*** Task input Section Begins ***

Definition opnorm {p q : nat} (A : 'M[R]_(p, q)) : R :=
  sup [set enorm (u *m A) | u in [set u : 'rV[R]_p | enorm u <= 1]].

Definition convex_setv {k : nat} (X : set 'rV[R]_k) : Prop :=
  forall a b (l : R), X a -> X b -> 0 <= l <= 1 -> X ((1 - l) *: a + l *: b).

Definition is_diameter {k : nat} (X : set 'rV[R]_k) (D : R) : Prop :=
  (forall a b, X a -> X b -> enorm (a - b) <= D) /\
  (exists a b, X a /\ X b /\ enorm (a - b) = D).

Definition ex_dir {m n : nat} (i : 'I_m) : 'rV[R]_m * 'rV[R]_n := (delta_mx 0 i, 0).
Definition ey_dir {m n : nat} (j : 'I_n) : 'rV[R]_m * 'rV[R]_n := (0, delta_mx 0 j).

Definition grad_x {m n : nat} (h : 'rV[R]_m * 'rV[R]_n -> R) p : 'rV[R]_m :=
  \row_i derive h p (@ex_dir m n i).
Definition grad_y {m n : nat} (h : 'rV[R]_m * 'rV[R]_n -> R) p : 'rV[R]_n :=
  \row_j derive h p (@ey_dir m n j).
Definition hess_xy {m n : nat} (h : 'rV[R]_m * 'rV[R]_n -> R) p : 'M[R]_(m, n) :=
  \matrix_(i, j) derive (fun q => derive h q (@ey_dir m n j)) p (@ex_dir m n i).
Definition hess_yy {m n : nat} (h : 'rV[R]_m * 'rV[R]_n -> R) p : 'M[R]_(n, n) :=
  \matrix_(i, j) derive (fun q => derive h q (@ey_dir m n j)) p (@ey_dir m n i).

Definition C2 {V : normedModType R} (h : V -> R) : Prop :=
  (forall p, differentiable h p) /\
  (forall v p, differentiable (fun q => derive h q v) p) /\
  (forall v w, continuous (fun q => derive (fun q' => derive h q' v) q w)).

Definition Ex {d} {T : measurableType d} (P : probability T R) (Y : T -> R) : R :=
  fine (\int[P]_w (Y w)%:E)%E.

End Defs.

(* One y-update is a stochastic gradient step on the mu_g-strongly convex function
   G(x_{t-1}, .).  Since the stochastic gradient is unbiased, the mean squared distance of
   y_t to y*(x_{t-1}) is that of the exact gradient step, which strong monotonicity and the
   L_g-Lipschitz gradient contract by 1 - 3 delta mu_g / 2, plus the variance
   delta^2 sigma_g^2.  The target has moved to y*(x_t): strong monotonicity of grad_y G at
   x_t and the mean value theorem in x give
   mu_g |y*(x) - y*(x')|^2 <= C_xy |x - x'| |y*(x) - y*(x')|, so y* is
   (C_xy/mu_g)-Lipschitz, and the Frank-Wolfe step moves x by at most eta_{t-1} D.
   Young's inequality with weights 1/(1 - delta mu_g/2) and 2/(delta mu_g) combines the
   two errors. *)

From HB Require Import structures.
From mathcomp Require Import all_boot all_order all_algebra.
From mathcomp Require Import all_classical all_reals all_analysis.
From mathcomp Require Import ring lra.
Import Order.TTheory GRing.Theory Num.Theory.
Import numFieldNormedType.Exports.
Local Open Scope classical_set_scope.
Local Open Scope ring_scope.
Set Implicit Arguments. Unset Strict Implicit.

Section InnerProduct.
Variables (R : realType) (k : nat).
Implicit Types (u v w : 'rV[R]_k) (c : R).

Lemma dotvC u v : dotv u v = dotv v u.
Proof. by apply: eq_bigr => i _; rewrite mulrC. Qed.

Lemma dotvDl u v w : dotv (u + v) w = dotv u w + dotv v w.
Proof. by rewrite /dotv -big_split; apply: eq_bigr => i _; rewrite mxE mulrDl. Qed.

Lemma dotvZl c u w : dotv (c *: u) w = c * dotv u w.
Proof. by rewrite /dotv mulr_sumr; apply: eq_bigr => i _; rewrite mxE mulrA. Qed.

Lemma dotvNl u w : dotv (- u) w = - dotv u w.
Proof. by rewrite -scaleN1r dotvZl mulN1r. Qed.

Lemma dotvBl u v w : dotv (u - v) w = dotv u w - dotv v w.
Proof. by rewrite dotvDl dotvNl. Qed.

Lemma dotvDr u v w : dotv w (u + v) = dotv w u + dotv w v.
Proof. by rewrite dotvC dotvDl !(dotvC w). Qed.

Lemma dotvZr c u w : dotv w (c *: u) = c * dotv w u.
Proof. by rewrite dotvC dotvZl dotvC. Qed.

Lemma dotvNr u w : dotv w (- u) = - dotv w u.
Proof. by rewrite dotvC dotvNl dotvC. Qed.

Lemma dotvBr u v w : dotv w (u - v) = dotv w u - dotv w v.
Proof. by rewrite dotvC dotvBl !(dotvC w). Qed.
(* Let $(x_1,\dots,x_n)$ be uniformly distributed on $\{x\in\{0,1\}^n:\sum_{j=1}^n x_j=s\}$, let $p=s/n$, let $a_1,\dots,a_n\in\mathbb{R}$, and let $t\in\mathbb{R}$ satisfy $|(a_j-a_k)t|\le\pi$ for all $1\le j,k\le n$. Then \[\Big|\mathbb{E}\big[e^{it\sum_{j=1}^n a_jx_j}\big]\Big|\le(n+1)\exp\big[-2p(1-p)t^2\operatorname{Var}[a_J]\,n/\pi^2\big],\] where $\operatorname{Var}[a_J]$ is the variance of $a_J$ for $J$ uniform on $[n]$. *)

From HB Require Import structures.
From mathcomp Require Import all_boot all_order all_algebra.
From mathcomp Require Import reals sequences exp trigo.
From mathcomp Require Import complex.
Set Implicit Arguments. Unset Strict Implicit. Unset Printing Implicit Defensive.
Import Order.TTheory GRing.Theory Num.Theory.
Local Open Scope ring_scope.
Local Open Scope complex_scope.

Definition cexpi (R : realType) (theta : R) : R[i] := (cos theta +i* sin theta)%C.

Definition slice (n s : nat) : {set {ffun 'I_n -> bool}} :=
  [set x : {ffun 'I_n -> bool} | \sum_(j < n) (x j : nat) == s]%N.

Definition slice_charfun (R : realType) (n s : nat) (a : 'I_n -> R) (t : R) : R[i] :=
  (#|slice n s|%:R)^-1 *
    \sum_(x in slice n s) cexpi (t * \sum_(j < n) a j * (x j)%:R).

Definition meanJ (R : realType) (n : nat) (a : 'I_n -> R) : R :=
  (n%:R)^-1 * \sum_(j < n) a j.
Definition varJ (R : realType) (n : nat) (a : 'I_n -> R) : R :=
  (n%:R)^-1 * \sum_(j < n) (a j - meanJ a) ^+ 2.

(* Write q = 1 - p.  Expanding prod_j (q + p e^{i t a_j} z) over x in {0,1}^n, the
   coefficient of z^s is p^s q^(n-s) times the sum of e^{i t sum_j a_j x_j} over the
   slice; averaging over the (n+1)-st roots of unity z = w^m, w = e^{2 pi i/(n+1)},
   against w^(-s m) isolates it.  Every factor satisfies |q + p e^{i phi}|^2 =
   1 - 2pq(1 - cos phi) <= exp(-2pq(1 - cos phi)), and Jordan's inequality
   1 - cos x >= 2 x^2 / pi^2 for |x| <= pi, summed over all pairs (j, k), gives
   sum_j (1 - cos (t a_j + theta)) >= 2 t^2 n Var[a_J] / pi^2 for every rotation theta.
   Finally, for p = s/n the binomial distribution puts mass at least 1/(n+1) on its
   mode s, so dividing by C(n,s) p^s q^(n-s) costs at most a factor n+1. *)
From HB Require Import structures.
From mathcomp Require Import all_boot all_order all_algebra.
From mathcomp Require Import reals sequences exp trigo.
From mathcomp Require Import complex.
From mathcomp Require Import topology normedtype derive.
From mathcomp Require Import zify ring lra.
Set Implicit Arguments. Unset Strict Implicit. Unset Printing Implicit Defensive.
Import Order.TTheory GRing.Theory Num.Theory numFieldNormedType.Exports.

Definition binom_term (n s k : nat) := 'C(n, k) * s ^ k * (n - s) ^ (n - k).

Lemma binom_termS n s k : k < n ->
  binom_term n s k.+1 * (k.+1 * (n - s)) = binom_term n s k * ((n - k) * s).
Proof.
move=> lt_kn; rewrite /binom_term.
rewrite [in (n - s) ^ (n - k)](_ : n - k = (n - k.+1).+1) ?expnS; last by lia.
transitivity (k.+1 * 'C(n, k.+1) * (s ^ k * s * (n - s) * (n - s) ^ (n - k.+1))); first ring.
rewrite mul_bin_left; ring.
Qed.

Lemma binom_term_le_mode n s k : s <= n -> k <= n ->
  binom_term n s k <= binom_term n s s.
Proof.
move=> le_sn le_kn; case: (leqP k s) => [le_ks | lt_sk].
- have incr : {in [pred i | i <= s] &, {homo binom_term n s : i j / i <= j}}.
    apply: homo_leq_in => [//|i j l|i j _ le_js l /andP[_ lt_lj]|i _].
    - exact: leq_trans.
    - by rewrite inE (leq_trans (ltnW lt_lj)).
    rewrite inE => lt_is; have lt_in := leq_trans lt_is le_sn.
    have pos : 0 < (n - i) * s by rewrite muln_gt0 subn_gt0 lt_in (leq_trans _ lt_is).
    rewrite -(leq_pmul2r pos) -binom_termS // leq_mul2l [(n - i) * s]mulnC.
    by rewrite leq_mul ?orbT ?leq_sub2l // ltnW.
  by apply: incr; rewrite ?inE.
- have decr : {in [pred i | s <= i <= n] &,
      {homo binom_term n s : i j / i <= j >-> j <= i}}.
    apply: (homo_leq_in (r := fun a b => b <= a)) => [//|i j l ji lj|i j|i].
    - exact: leq_trans lj ji.
    - rewrite !inE => /andP[le_si _] /andP[_ le_jn] l /andP[lt_il lt_lj].
      by rewrite inE (leq_trans le_si (ltnW lt_il)) (leq_trans (ltnW lt_lj) le_jn).
    rewrite !inE => /andP[le_si _] /andP[_ lt_in].
    have pos : 0 < i.+1 * (n - s) by rewrite muln_gt0 subn_gt0 (leq_ltn_trans le_si lt_in).
    rewrite -(leq_pmul2r pos) binom_termS // leq_mul2l [i.+1 * _]mulnC.
    by rewrite leq_mul ?orbT ?leq_sub2l // leqW.
  by apply: decr; rewrite ?inE ?leqnn ?le_sn ?le_kn ?(ltnW lt_sk).
Qed.

Lemma expn_le_binom_mode n s : s <= n -> n ^ n <= n.+1 * binom_term n s s.
Proof.
move=> le_sn.
have -> : n ^ n = \sum_(k < n.+1) binom_term n s k.
  rewrite -{1}(subnK le_sn) expnDn; apply: eq_bigr => k _.
  by rewrite /binom_term mulnA mulnAC.
rewrite -[n.+1 in X in _ <= X]card_ord -sum_nat_const.
by apply: leq_sum => k _; apply: binom_term_le_mode; rewrite // -ltnS.
Qed.

Definition weight {n} (x : {ffun 'I_n -> bool}) : nat := \sum_(j < n) x j.

Lemma weight_indicator n (A : {set 'I_n}) : weight [ffun j => j \in A] = #|A|.
Proof.
rewrite -sum1_card big_mkcond /weight; apply: eq_bigr => j _.
by rewrite ffunE; case: (j \in A).
Qed.

Lemma card_slice n s : #|slice n s| = 'C(n, s).
Proof.
pose indicator (A : {set 'I_n}) := [ffun j => j \in A].
have inj_indicator : injective indicator.
  by move=> A B /ffunP eqAB; apply/setP => j; have := eqAB j; rewrite !ffunE.
rewrite -[n in 'C(n, s)]card_ord -card_draws -(card_imset _ inj_indicator).
apply: eq_card => x; rewrite inE; apply/idP/imsetP => [/eqP wx | [A]].
- have xE : x = [ffun j => j \in [set j | x j]] by apply/ffunP => j; rewrite !ffunE inE.
  by exists [set j | x j]; rewrite // inE -weight_indicator -xE; apply/eqP.
- by rewrite inE => /eqP <- ->; rewrite -weight_indicator.
Qed.

Lemma weight_le n (x : {ffun 'I_n -> bool}) : weight x <= n.
Proof.
by rewrite -[n in _ <= n]card_ord -sum1_card; apply: leq_sum => j _; case: (x j).
Qed.

Lemma sum_subn_weight n (x : {ffun 'I_n -> bool}) :
  \sum_(j < n) (1 - x j) = n - weight x.
Proof.
apply/eqP; rewrite -(eqn_add2r (weight x)) subnK ?weight_le // -big_split /=.
by rewrite -[n in _ == n]card_ord -sum1_card; apply/eqP/eq_bigr => j _; case: (x j).
Qed.

Local Open Scope ring_scope.

Lemma binomial_mode_ge (R : realFieldType) n s (p : R) :
  (s <= n)%N -> p * n%:R = s%:R ->
  1 <= n.+1%:R * 'C(n, s)%:R * (p ^+ s * (1 - p) ^+ (n - s)).
Proof.
move=> le_sn pn.
have qn : (1 - p) * n%:R = (n - s)%:R by rewrite natrB // mulrBl mul1r pn.
have nn_gt0 : 0 < n%:R ^+ n :> R by rewrite -natrX ltr0n expn_gt0; case: (n).
have nnE : n%:R ^+ n = n%:R ^+ s * n%:R ^+ (n - s) :> R by rewrite -exprD subnKC.
rewrite -(ler_pM2r nn_gt0) mul1r {2}nnE.
have -> : n.+1%:R * 'C(n, s)%:R * (p ^+ s * (1 - p) ^+ (n - s)) * (n%:R ^+ s * n%:R ^+ (n - s))
    = n.+1%:R * 'C(n, s)%:R * ((p * n%:R) ^+ s * ((1 - p) * n%:R) ^+ (n - s)).
  by rewrite !exprMn; ring.
rewrite pn qn -!natrX -!natrM ler_nat.
by have := expn_le_binom_mode le_sn; rewrite /binom_term !mulnA.
Qed.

*** Task input Section Ends ***

- [What needs to be done]: Include the first line of the listing, the line with "forall a b (l", and every line between them, each repeated exactly, and output only those.

- [Exercise result]:
Definition opnorm {p q : nat} (A : 'M[R]_(p, q)) : R :=
  sup [set enorm (u *m A) | u in [set u : 'rV[R]_p | enorm u <= 1]].

Definition convex_setv {k : nat} (X : set 'rV[R]_k) : Prop :=
  forall a b (l : R), X a -> X b -> 0 <= l <= 1 -> X ((1 - l) *: a + l *: b).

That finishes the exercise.